29. Jedyna

381 29 4
                                    

Nawet nie zdążyłam przekroczyć progu domu i od razu zostałam pociągnięta do uścisku. Silne męskie ramiona oplatały moją talie, gdy ja wtuliłam się w jego szyje. Moje nozdrza uderzył zapach, wręcz boskich perfum, które nosiłam na sobie za pośrednictwem bluzy. Olivier długo mnie tulił i wyglądało na to, że szybko nie zamierza mnie puścić.

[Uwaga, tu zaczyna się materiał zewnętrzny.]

(* Let $A$ be a $C^*$-algebra and let $J \subset A$ be a closed right ideal. If $J$ is topologically essential, then $J$ is essential.
   Context: A closed right ideal $J$ of a $C^*$-algebra $A$ is called topologically essential if for every nonzero closed right ideal $K \subset A$ one has $J \cap K \neq \{0\}$. It is called essential if for every nonzero right ideal $I \subset A$ (not necessarily closed; a right ideal here means a linear subspace $I$ with $IA \subset I$) one has $J \cap I \neq \{0\}$. *)

From mathcomp Require Import all_boot all_order all_algebra.
From mathcomp Require Import all_classical all_reals all_analysis.
From mathcomp Require Import complex.
Set Implicit Arguments. Unset Strict Implicit. Unset Printing Implicit Defensive.
Import Order.TTheory GRing.Theory Num.Theory.
Import numFieldNormedType.Exports.
Local Open Scope classical_set_scope.
Local Open Scope ring_scope.

Record is_cstar_algebra (R : realType) (A : completeNormedModType (complex R))
    (mul : A -> A -> A) (star : A -> A) : Prop := {
  cs_mulA : forall x y z, mul x (mul y z) = mul (mul x y) z;
  cs_mulDl : forall x y z, mul (x + y) z = mul x z + mul y z;
  cs_mulDr : forall x y z, mul x (y + z) = mul x y + mul x z;
  cs_mulZl : forall (a : complex R) x y, mul (a *: x) y = a *: mul x y;
  cs_mulZr : forall (a : complex R) x y, mul x (a *: y) = a *: mul x y;
  cs_norm_mul : forall x y, `|mul x y| <= `|x| * `|y|;
  cs_starK : forall x, star (star x) = x;
  cs_starD : forall x y, star (x + y) = star x + star y;
  cs_starZ : forall (a : complex R) x, star (a *: x) = (a^*)%C *: star x;
  cs_starM : forall x y, star (mul x y) = mul (star y) (star x);
  cs_cstar : forall x, `|mul (star x) x| = `|x| ^+ 2 }.

Definition right_ideal (R : realType) (A : completeNormedModType (complex R))
    (mul : A -> A -> A) (I : set A) : Prop :=
  I 0 /\ (forall x y, I x -> I y -> I (x + y)) /\
  (forall (a : complex R) x, I x -> I (a *: x)) /\
  (forall x a, I x -> I (mul x a)).

Definition closed_right_ideal (R : realType) (A : completeNormedModType (complex R))
    (mul : A -> A -> A) (I : set A) : Prop :=
  right_ideal mul I /\ closed I.

Definition nonzero_set (R : realType) (A : completeNormedModType (complex R))
  (I : set A) : Prop := exists x, I x /\ x <> 0.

- Nie żebym zamierzał wam przeszkadzać - odezwał się Alexander. - Ale ja też byłem w niebezpieczeństwie, i to ja nas uratowałem.

Zaśmiałam się cicho i niechętnie puściłam chłopaka, którego przytulałam. Powoli podeszłam do bruneta i również go objęłam. Chłopak z uśmiechem oddał uścisk.

- Już? - usłyszałam głos za sobą. Gdy się odwróciłam zobaczyłam Oliviera, a jego mina nie była ciekawa. - Jeżeli tak to zapraszam do kuchni.

Wyswobodziłam się z objęć Alexandra, który posłał mi szeroki, a ja już wiedziałam. Zazdrość Oliviera.

Ramię w ramię powędrowaliśmy w stronę kuchni gdzie wcześniej zniknął czarnowłosy. W kuchni czekała nas bardzo miła niespodzianka. Na stole leżały talerze i różne potrawy. Teraz stół wyglądał jakby był przygotowany do przyjęcia ważnych gości.

- My mamy tyle zjeść? - zapytałam szczerze zaskoczona.

Olivier na moją reakcje jedynie się zaśmiał i pokiwał głową. Alexander natomiast niemal od razu ruszył w stronę stołu zajmując jedno z miejsc.

- Adeline, takiego jedzenia nie ma codziennie, więc korzystaj dziewczyno - powiedział biorąc talerz z pieczonym kurczakiem. - Spokojnie wszystko spalisz na jednym z treningów - posłał mi uśmiech i zajął się skrzydlatym przyjacielem.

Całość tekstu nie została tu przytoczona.